Steinbrück sah „Jahrhundertspiel“
Denn der 64-Jährige gebürtige Hamburger hat nie ein Hehl aus seiner tiefen Zuneigung zur Gladbacher Borussia gemacht. Vor drei Jahren etwa, zum Wiederaufstieg, schrieb Steinbrück in einem Namensbeitrag für die „Welt am Sonntag“ eine Eloge auf den Klub vom Niederrhein und erinnerte mit gefühligen Worten an den Pokalsieg 1973 und das legendäre Netzer-Tor: „Wenn ich die Augen schließe und nach dem idealen Augenblick eines Gladbacher Fanlebens suche, fallen mir diese Sekunden ein. Wahrlich großes Theater. Ein Jahrhundertspiel.“ Das war es auch.
Aber derartige Momente hat auch der Dortmunder Borusse zuhauf. Und für den offensiven Fohlen-Fußball der 1970er-Jahre, der damals nicht nur Steinbrück entzückte, steht in der modernen Form ganz sicher auch die Dortmunder Borussia. So gesehen steht Steinbrück beim Meister auf der Seite der Gewinner. Und wer ist nun die wahre Borussia?
VfL Borussia neun Jahre vor BVB gegründet
Die historisch besseren Argumente haben ganz sicher die Gladbacher auf ihrer Seite. Denn der VfL Borussia wurde am 1. August 1900 gegründet, satte neun Jahre vor der Entstehung des BVB.
Doch nicht nur im 20. Jahrhundert haben die Gladbacher die Nase vorn, auch im 21. Jahrhundert war der Klub vom Niederrhein schneller. Wer im weltweiten Netz die Adresse „www.borussia.de“ eingibt, landet auf der Vereins-Homepage der Gladbacher. Die Seite „www.diewahreborussia.de“ führt zum ersten Sponsoren-Fanclub der Bundesliga – nach Gladbach.
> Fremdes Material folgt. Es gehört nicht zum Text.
(* Let $\alpha \in (0,1)$. Let $f:[0,1]\to\mathbb{R}_{\ge 0}$ be convex with $f(1-\alpha)=0$, and let $f':[0,1]\to\mathbb{R}$ be a subderivative of $f$ (i.e. $f'(p)\in\partial f(p)$ for every $p\in[0,1]$) satisfying $f'(1-\alpha)=0$. Define $$\ell(p,y) := -f(p)-(y-p)f'(p), \qquad p\in[0,1],\ y\in\{0,1\}.$$ Then $\ell$ is a proper score, and $$\ell\text{-ERT} = \mathbb{E}_X\big[f(p(X))\big].$$
   Context: Let $(X,Y)\sim\mathbb{P}_{X,Y}$ on $\mathcal{X}\times\mathcal{Y}$, and let $C_\alpha(\cdot)$ be a prediction set rule mapping each $x\in\mathcal{X}$ to a subset $C_\alpha(x)\subseteq\mathcal{Y}$ (measurable). Let $Z:=\mathbf{1}\{Y\in C_\alpha(X)\}\in\{0,1\}$ and define the conditional coverage $p(x):=\mathbb{P}(Z=1\mid X=x)=\mathbb{P}(Y\in C_\alpha(X)\mid X=x)$. A function $\ell:[0,1]\times\{0,1\}\to\mathbb{R}$ is a proper score if for all $p,q\in[0,1]$, $\mathbb{E}_{y\sim \mathrm{Bernoulli}(q)}[\ell(p,y)]\ge \mathbb{E}_{y\sim\mathrm{Bernoulli}(q)}[\ell(q,y)]$. For a (measurable) predictor $h:\mathcal{X}\to[0,1]$, its risk is $\mathcal{R}_\ell(h):=\mathbb{E}_{X,Z}[\ell(h(X),Z)]$; a constant $c\in[0,1]$ is viewed as the constant predictor. The excess risk of the target coverage is $\ell\text{-ERT}:=\mathcal{R}_\ell(1-\alpha)-\mathcal{R}_\ell(p)$. All expectations are assumed to be well-defined. *)

From mathcomp Require Import all_boot all_order all_algebra.
From mathcomp Require Import all_classical all_reals all_analysis.
Set Implicit Arguments. Unset Strict Implicit. Unset Printing Implicit Defensive.
Import Order.TTheory GRing.Theory Num.Theory.
Local Open Scope ring_scope.
Local Open Scope classical_set_scope.

Section Defs.
Context (R : realType).

Definition convex01 (f : R -> R) : Prop :=
  forall x y t : R, 0 <= x <= 1 -> 0 <= y <= 1 -> 0 <= t <= 1 ->
    f (t * x + (1 - t) * y) <= t * f x + (1 - t) * f y.

Definition subderivative01 (f g : R -> R) : Prop :=
  forall p q : R, 0 <= p <= 1 -> 0 <= q <= 1 -> f p + g p * (q - p) <= f q.

(* the score  l(p,y) = - f(p) - (y - p) f'(p), y in {0,1} encoded as a real *)
Definition score_of (f g : R -> R) (p y : R) : R := - f p - (y - p) * g p.

Definition bern_exp (l : R -> R -> R) (p q : R) : R := q * l p 1 + (1 - q) * l p 0.

Definition proper_score (l : R -> R -> R) : Prop :=
  forall p q : R, 0 <= p <= 1 -> 0 <= q <= 1 -> bern_exp l q q <= bern_exp l p q.
End Defs.

Definition coverZ {R : realType} {Om Xt Yt : Type}
  (C : Xt -> set Yt) (X : Om -> Xt) (Y : Om -> Yt) (w : Om) : R :=
  if `[< C (X w) (Y w) >] then 1 else 0.

Definition risk {R : realType} {d : measure_display} {Om : measurableType d} {Xt : Type}
  (P : probability Om R) (l : R -> R -> R) (X : Om -> Xt) (Z : Om -> R)
  (h : Xt -> R) : \bar R :=
  (\int[P]_w (l (h (X w)) (Z w))%:E)%E.

From mathcomp Require Import all_boot all_order all_algebra.
From mathcomp Require Import all_classical all_reals all_analysis.
From mathcomp Require Import measurable_realfun ring lra.
Set Implicit Arguments. Unset Strict Implicit. Unset Printing Implicit Defensive.
Import Order.TTheory GRing.Theory Num.Theory.
Local Open Scope ring_scope.
Local Open Scope classical_set_scope.
Import HBNNSimple.

(* Properness: the expected score of a forecast p under Bernoulli(q) is
   -f(p) - (q - p) f'(p), which dominates -f(q) by the subgradient inequality.

   Excess risk: f and f' vanish at 1 - alpha, so the constant forecast has risk 0,
   while the score of the forecast p(X) is -f(p(X)) - (Z - p(X)) f'(p(X)).  The
   cross term has mean zero because p(X) is the conditional expectation of Z given
   X and f' o p is a bounded measurable function (f' is monotone on [0, 1]).  That
   orthogonality is obtained for indicators of events {X in A} from the defining
   property of p, then for simple functions of X by linearity, for nonnegative
   measurable functions of X by monotone convergence, and for bounded ones by
   splitting into positive and negative parts. *)

Lemma bounded_le (T : Type) (R : realType) (A : set T) (u : T -> R) (M : R) :
  (forall x, A x -> `|u x| <= M) -> [bounded u x | x in A].
Proof.
move=> uM; rewrite /bounded_near; near=> N => x Ax /=.
apply: le_trans (uM x Ax) _.
by near: N; exact/nbhs_pinfty_ge/num_real.
Unshelve. all: end_near. Qed.

Lemma integrableB_EFin d (T : measurableType d) (R : realType)
    (mu : {measure set T -> \bar R}) (D : set T) (f g : T -> R) :
  measurable D -> mu.-integrable D (EFin \o f) -> mu.-integrable D (EFin \o g) ->
  mu.-integrable D (EFin \o (f \- g)).
Proof. by move=> mD fi gi; exact: (integrableB mD fi gi). Qed.

Lemma finite_measure_integrable_bounded d (T : measurableType d) (R : realType)
    (mu : {finite_measure set T -> \bar R}) (u : T -> R) (M : R) :
  measurable_fun setT u -> (forall x, `|u x| <= M) -> mu.-integrable setT (EFin \o u).
Proof.
move=> mu_u uM; apply: measurable_bounded_integrable => //.
  by rewrite -ge0_fin_numE // fin_num_measure.
by apply: (@bounded_le _ _ _ _ M) => x _; exact: uM.
Qed.

Section integral_mul_comp.
Local Open Scope ereal_scope.
Context d dX (Om : measurableType d) (Xt : measurableType dX) (R : realType).
Variables (P : {measure set Om -> \bar R}) (X : Om -> Xt).
Hypothesis mX : measurable_fun setT X.

Lemma integral_mul_indic_comp (u : Om -> R) (B : set Xt) :
  \int[P]_w (u w * \1_B (X w))%:E = \int[P]_(w in X @^-1` B) (u w)%:E.
Proof.
rewrite [RHS]integral_mkcond; apply: eq_integral => w _.
rewrite patchE indicE /= (_ : (X w \in B) = (w \in X @^-1` B)) //.
by case: ifP; rewrite ?mulr1 ?mulr0.
Qed.

Lemma ge0_integral_mul_nnsfun_comp (u : Om -> R) (s : {nnsfun Xt >-> R}) :
  measurable_fun setT u -> (forall w, (0 <= u w)%R) ->
  \int[P]_w (u w * s (X w))%:E =
  \sum_(y \in range s) y%:E * \int[P]_(w in X @^-1` (s @^-1` [set y])) (u w)%:E.
Proof.
move=> mu u0.
have mindic y : measurable_fun setT (fun w => (u w * \1_(s @^-1` [set y]) (X w))%R).
  by apply: measurable_funM => //; apply: measurableT_comp => //; exact: measurable_indic.
transitivity (\int[P]_w
    \sum_(y \in range s) (y * (u w * \1_(s @^-1` [set y]) (X w)))%R%:E).
  apply: eq_integral => w _; rewrite fsumEFin; last exact: fimfunP.
  by rewrite fimfunE mulr_fsumr; congr EFin; apply: eq_fsbigr => y _; rewrite mulrCA.
rewrite ge0_integral_fsum //; last first.
- move=> y w _; rewrite lee_fin indicE.
  case: (boolP (X w \in _)) => [/set_mem /= <-|_]; last by rewrite !mulr0.
  by rewrite mulr1 mulr_ge0.
- by move=> y; apply/measurable_EFinP; exact: measurable_funM.
apply: eq_fsbigr => y /set_mem [x _ <-].
rewrite -integral_mul_indic_comp -ge0_integralZl //.
- by apply/measurable_EFinP.
- by move=> w _; rewrite lee_fin indicE mulr_ge0.
- by rewrite lee_fin.
Qed.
Dafür liegen die Dortmunder im Ranking der Internet-Suchmaschine „Google“ ebenso vor dem Konkurrenten wie bei den TV-Quoten des Abo-Senders Sky, wo der BVB im Schnitt 320.000 Zuseher hat, während die Gladbacher „nur“ eine Viertelmillion Menschen vor den Fernseher locken. Ach ja, das wahre Borussia ist natürlich Preußen. Dort sangen sie schon 1820 in ihrer Nationalhymne, zu Ehren des König Friedrich Wilhelm III, das Lied „Borussia“ mit dem Refrain: „Groß, unbezwungen steht es da: Es ist dein Volk, Borussia!“
17:33
...und wir schwören Stein und Bein, auf die Elf vom Niederrhein.....
21:30
Es ist seit 111 Jahren so und wird nie anders sein, die einzig wahre Borussia kommt nur vom Niederrhein!!
19:14
Die wahre Borussia kommt einzig aus DORTMUND
„EHRE, WEM EHRE GEBÜHRT!"
Sportliche Grüße!
17:48
Das Leben ist kein Ponyhof, aber die Fohlen werden am Samstag endlich mal einen richtigen Gegner bekommen :-)
Zuhause haben die z.B. gegen Vizekusen und Stussgarten nur Unentschieden gespielt und völlig Latte, ob Reus jetzt die Hufe verletzt hat und spielt oder nicht mitspielt, ich lehne mich mal ganz gewagt aus dem Fenster und rechne, bei einer ähnlich offensiven Aufstellung wie gegen S 04, mit einem gepflegten, aber hart umkämpften 1:3.
Glück AUF
Hmmm auswärts haben die gegen Hopps Heim und Hannover verloren - wird Zeit dass die endlich mal wieder eine richtigen Gegner bekommen :-)
3 Tore kassierte die wahre Borussia nicht mehr seit jenem schönen Tag im Februar als ich den Lucien Favre sah...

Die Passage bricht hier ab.